Return all lines of the data in which the string "split" occurs.

| Collected data entries |
• • •

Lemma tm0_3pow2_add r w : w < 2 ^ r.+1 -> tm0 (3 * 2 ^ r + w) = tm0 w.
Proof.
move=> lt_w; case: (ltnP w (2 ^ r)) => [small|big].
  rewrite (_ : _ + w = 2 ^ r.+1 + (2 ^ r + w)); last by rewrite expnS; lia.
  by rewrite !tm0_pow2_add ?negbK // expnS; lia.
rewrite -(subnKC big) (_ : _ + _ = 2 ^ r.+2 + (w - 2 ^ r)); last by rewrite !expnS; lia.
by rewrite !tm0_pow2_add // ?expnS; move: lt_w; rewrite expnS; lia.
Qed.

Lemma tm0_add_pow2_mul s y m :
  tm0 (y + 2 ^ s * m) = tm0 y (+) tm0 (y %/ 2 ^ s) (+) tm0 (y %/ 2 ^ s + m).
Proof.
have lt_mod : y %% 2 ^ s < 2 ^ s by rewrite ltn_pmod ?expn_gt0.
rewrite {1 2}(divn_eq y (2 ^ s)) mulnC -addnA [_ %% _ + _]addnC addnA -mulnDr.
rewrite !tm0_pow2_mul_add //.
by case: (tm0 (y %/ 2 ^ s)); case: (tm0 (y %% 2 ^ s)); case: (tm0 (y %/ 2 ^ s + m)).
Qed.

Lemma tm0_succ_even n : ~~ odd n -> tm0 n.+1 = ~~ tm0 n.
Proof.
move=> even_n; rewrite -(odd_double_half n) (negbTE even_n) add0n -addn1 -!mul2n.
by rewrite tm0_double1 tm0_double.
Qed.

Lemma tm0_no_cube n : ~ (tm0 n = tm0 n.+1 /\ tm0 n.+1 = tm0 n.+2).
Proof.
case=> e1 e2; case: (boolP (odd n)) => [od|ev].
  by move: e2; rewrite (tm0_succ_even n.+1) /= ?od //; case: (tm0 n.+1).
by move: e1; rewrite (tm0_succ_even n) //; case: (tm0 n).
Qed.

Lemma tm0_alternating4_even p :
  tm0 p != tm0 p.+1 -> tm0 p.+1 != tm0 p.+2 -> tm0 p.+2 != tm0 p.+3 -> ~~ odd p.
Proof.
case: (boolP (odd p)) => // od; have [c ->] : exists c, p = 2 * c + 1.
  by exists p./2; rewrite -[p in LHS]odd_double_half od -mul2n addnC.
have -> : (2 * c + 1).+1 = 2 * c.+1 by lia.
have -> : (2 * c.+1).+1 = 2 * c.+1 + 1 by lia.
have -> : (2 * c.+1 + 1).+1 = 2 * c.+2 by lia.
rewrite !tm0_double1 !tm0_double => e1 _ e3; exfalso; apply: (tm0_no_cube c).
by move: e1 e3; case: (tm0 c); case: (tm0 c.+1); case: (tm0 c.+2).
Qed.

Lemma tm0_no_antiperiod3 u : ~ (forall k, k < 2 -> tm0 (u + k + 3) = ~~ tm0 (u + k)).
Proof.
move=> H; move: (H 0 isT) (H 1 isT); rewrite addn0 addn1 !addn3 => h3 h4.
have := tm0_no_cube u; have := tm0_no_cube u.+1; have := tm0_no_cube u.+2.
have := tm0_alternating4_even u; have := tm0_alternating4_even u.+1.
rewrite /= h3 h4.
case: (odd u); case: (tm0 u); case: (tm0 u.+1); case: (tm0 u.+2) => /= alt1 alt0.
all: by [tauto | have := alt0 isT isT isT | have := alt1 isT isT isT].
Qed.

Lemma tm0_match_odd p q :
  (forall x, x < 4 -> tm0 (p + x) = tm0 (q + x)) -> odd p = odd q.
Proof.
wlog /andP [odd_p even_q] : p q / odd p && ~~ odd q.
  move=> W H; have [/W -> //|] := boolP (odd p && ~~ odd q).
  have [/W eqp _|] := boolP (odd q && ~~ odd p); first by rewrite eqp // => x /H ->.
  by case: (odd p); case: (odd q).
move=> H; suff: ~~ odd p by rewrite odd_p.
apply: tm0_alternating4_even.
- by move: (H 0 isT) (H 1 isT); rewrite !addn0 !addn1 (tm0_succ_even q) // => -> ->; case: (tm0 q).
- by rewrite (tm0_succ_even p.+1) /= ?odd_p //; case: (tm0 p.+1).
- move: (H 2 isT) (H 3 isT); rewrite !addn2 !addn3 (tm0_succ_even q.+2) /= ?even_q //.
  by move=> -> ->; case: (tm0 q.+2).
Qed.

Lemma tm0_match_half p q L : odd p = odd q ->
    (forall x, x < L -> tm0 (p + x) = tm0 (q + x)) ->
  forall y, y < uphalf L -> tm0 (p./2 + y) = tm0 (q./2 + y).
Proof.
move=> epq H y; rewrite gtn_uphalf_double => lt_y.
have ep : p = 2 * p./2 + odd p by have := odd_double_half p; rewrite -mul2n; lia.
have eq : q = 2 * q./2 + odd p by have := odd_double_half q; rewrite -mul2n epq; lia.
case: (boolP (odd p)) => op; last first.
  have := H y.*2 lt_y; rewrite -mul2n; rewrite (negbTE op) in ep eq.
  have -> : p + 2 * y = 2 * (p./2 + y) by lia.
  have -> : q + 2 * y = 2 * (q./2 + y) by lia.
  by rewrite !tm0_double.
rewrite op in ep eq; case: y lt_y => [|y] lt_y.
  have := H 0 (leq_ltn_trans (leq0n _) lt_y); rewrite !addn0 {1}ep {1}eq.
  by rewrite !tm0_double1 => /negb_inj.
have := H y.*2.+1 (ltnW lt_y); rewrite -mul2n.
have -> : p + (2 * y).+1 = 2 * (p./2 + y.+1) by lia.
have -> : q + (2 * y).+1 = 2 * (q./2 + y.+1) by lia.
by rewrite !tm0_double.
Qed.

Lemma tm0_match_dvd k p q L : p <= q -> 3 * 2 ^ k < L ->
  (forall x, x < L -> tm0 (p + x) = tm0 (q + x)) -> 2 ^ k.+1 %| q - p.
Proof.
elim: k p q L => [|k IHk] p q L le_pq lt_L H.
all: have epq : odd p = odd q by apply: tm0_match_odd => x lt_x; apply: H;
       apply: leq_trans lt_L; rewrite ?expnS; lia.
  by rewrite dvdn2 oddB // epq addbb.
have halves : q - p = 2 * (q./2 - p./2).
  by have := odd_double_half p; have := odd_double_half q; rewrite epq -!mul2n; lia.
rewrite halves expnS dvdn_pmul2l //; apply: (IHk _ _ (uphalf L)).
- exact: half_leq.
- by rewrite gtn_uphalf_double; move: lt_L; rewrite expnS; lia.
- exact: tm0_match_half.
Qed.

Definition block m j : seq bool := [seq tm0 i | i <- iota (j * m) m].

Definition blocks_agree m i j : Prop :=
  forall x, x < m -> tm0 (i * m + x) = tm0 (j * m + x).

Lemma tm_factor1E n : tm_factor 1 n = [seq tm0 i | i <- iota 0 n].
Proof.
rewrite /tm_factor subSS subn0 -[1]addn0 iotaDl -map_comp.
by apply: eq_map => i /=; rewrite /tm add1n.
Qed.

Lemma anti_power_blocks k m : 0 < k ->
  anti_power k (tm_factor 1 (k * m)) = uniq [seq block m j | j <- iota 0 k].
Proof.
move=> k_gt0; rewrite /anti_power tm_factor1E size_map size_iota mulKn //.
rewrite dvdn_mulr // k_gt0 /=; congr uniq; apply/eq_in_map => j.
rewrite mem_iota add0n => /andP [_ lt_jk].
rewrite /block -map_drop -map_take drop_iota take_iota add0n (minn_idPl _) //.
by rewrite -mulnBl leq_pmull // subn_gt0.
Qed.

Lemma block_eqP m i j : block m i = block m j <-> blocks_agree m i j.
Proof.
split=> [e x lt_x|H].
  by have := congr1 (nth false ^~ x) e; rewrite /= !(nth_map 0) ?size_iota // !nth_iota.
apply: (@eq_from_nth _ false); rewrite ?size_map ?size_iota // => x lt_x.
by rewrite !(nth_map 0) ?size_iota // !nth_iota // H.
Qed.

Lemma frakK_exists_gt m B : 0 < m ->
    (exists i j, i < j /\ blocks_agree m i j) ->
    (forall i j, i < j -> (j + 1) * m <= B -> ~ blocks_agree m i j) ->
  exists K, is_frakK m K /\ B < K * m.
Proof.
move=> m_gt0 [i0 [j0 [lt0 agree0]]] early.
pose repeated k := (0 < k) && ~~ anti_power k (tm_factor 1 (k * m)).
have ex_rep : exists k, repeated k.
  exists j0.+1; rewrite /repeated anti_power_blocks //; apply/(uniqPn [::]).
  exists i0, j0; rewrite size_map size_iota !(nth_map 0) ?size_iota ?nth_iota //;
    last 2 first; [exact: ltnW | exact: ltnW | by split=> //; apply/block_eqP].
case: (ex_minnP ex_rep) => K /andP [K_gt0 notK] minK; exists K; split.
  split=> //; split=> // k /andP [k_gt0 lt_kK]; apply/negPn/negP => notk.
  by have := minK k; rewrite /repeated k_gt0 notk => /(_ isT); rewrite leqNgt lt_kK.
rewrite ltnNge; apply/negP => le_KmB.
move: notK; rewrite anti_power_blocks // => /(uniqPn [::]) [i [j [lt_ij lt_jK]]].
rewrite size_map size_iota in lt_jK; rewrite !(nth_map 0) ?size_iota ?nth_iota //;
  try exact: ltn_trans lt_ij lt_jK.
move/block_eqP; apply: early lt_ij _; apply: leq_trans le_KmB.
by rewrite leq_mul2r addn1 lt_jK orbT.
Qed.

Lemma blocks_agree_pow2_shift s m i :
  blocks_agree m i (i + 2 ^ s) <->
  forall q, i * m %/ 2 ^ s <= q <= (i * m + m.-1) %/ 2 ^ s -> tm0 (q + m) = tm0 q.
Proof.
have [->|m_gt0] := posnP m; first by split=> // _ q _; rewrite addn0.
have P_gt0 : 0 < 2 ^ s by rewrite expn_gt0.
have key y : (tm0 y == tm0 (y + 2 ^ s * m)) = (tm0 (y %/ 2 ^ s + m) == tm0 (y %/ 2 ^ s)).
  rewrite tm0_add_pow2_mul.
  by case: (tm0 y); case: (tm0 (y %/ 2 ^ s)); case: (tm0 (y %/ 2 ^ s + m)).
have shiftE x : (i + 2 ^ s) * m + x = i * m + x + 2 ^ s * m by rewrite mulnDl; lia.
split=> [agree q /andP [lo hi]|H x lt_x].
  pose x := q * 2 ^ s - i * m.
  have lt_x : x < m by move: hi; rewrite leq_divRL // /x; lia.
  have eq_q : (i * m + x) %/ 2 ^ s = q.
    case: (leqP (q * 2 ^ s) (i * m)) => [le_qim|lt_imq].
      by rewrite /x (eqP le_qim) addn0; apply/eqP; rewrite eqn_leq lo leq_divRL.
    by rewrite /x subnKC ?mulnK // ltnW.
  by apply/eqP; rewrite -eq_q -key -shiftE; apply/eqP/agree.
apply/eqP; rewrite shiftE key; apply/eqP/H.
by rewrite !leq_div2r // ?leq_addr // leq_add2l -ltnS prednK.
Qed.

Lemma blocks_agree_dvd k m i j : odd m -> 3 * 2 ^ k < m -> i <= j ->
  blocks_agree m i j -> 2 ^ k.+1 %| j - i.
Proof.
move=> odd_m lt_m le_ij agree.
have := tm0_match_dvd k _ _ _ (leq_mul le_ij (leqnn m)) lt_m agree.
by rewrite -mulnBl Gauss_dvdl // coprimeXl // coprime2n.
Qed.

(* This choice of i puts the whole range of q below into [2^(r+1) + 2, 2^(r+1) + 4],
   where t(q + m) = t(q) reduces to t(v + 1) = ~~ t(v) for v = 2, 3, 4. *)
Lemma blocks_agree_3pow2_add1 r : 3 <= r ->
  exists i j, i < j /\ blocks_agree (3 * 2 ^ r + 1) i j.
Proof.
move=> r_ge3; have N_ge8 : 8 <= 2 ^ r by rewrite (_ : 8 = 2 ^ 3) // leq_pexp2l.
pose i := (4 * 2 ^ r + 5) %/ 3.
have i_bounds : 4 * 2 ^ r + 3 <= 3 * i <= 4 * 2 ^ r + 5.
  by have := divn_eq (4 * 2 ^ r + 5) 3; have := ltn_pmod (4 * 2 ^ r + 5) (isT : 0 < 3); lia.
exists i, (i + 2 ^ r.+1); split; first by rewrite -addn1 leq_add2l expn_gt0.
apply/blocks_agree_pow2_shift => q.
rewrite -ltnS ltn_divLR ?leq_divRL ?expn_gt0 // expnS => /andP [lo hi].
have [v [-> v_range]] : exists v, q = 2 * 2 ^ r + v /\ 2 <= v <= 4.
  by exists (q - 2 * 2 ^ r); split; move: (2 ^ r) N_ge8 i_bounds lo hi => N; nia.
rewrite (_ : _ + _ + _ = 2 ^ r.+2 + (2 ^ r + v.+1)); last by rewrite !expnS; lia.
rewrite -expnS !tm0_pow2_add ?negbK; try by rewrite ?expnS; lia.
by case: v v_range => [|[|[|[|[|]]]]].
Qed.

• • •

| Task solution |
split=> [e x lt_x|H].
    last 2 first; [exact: ltnW | exact: ltnW | by split=> //; apply/block_eqP].
case: (ex_minnP ex_rep) => K /andP [K_gt0 notK] minK; exists K; split.
  split=> //; split=> // k /andP [k_gt0 lt_kK]; apply/negPn/negP => notk.
have [->|m_gt0] := posnP m; first by split=> // _ q _; rewrite addn0.
split=> [agree q /andP [lo hi]|H x lt_x].
exists i, (i + 2 ^ r.+1); split; first by rewrite -addn1 leq_add2l expn_gt0.
  by exists (q - 2 * 2 ^ r); split; move: (2 ^ r) N_ge8 i_bounds lo hi => N; nia.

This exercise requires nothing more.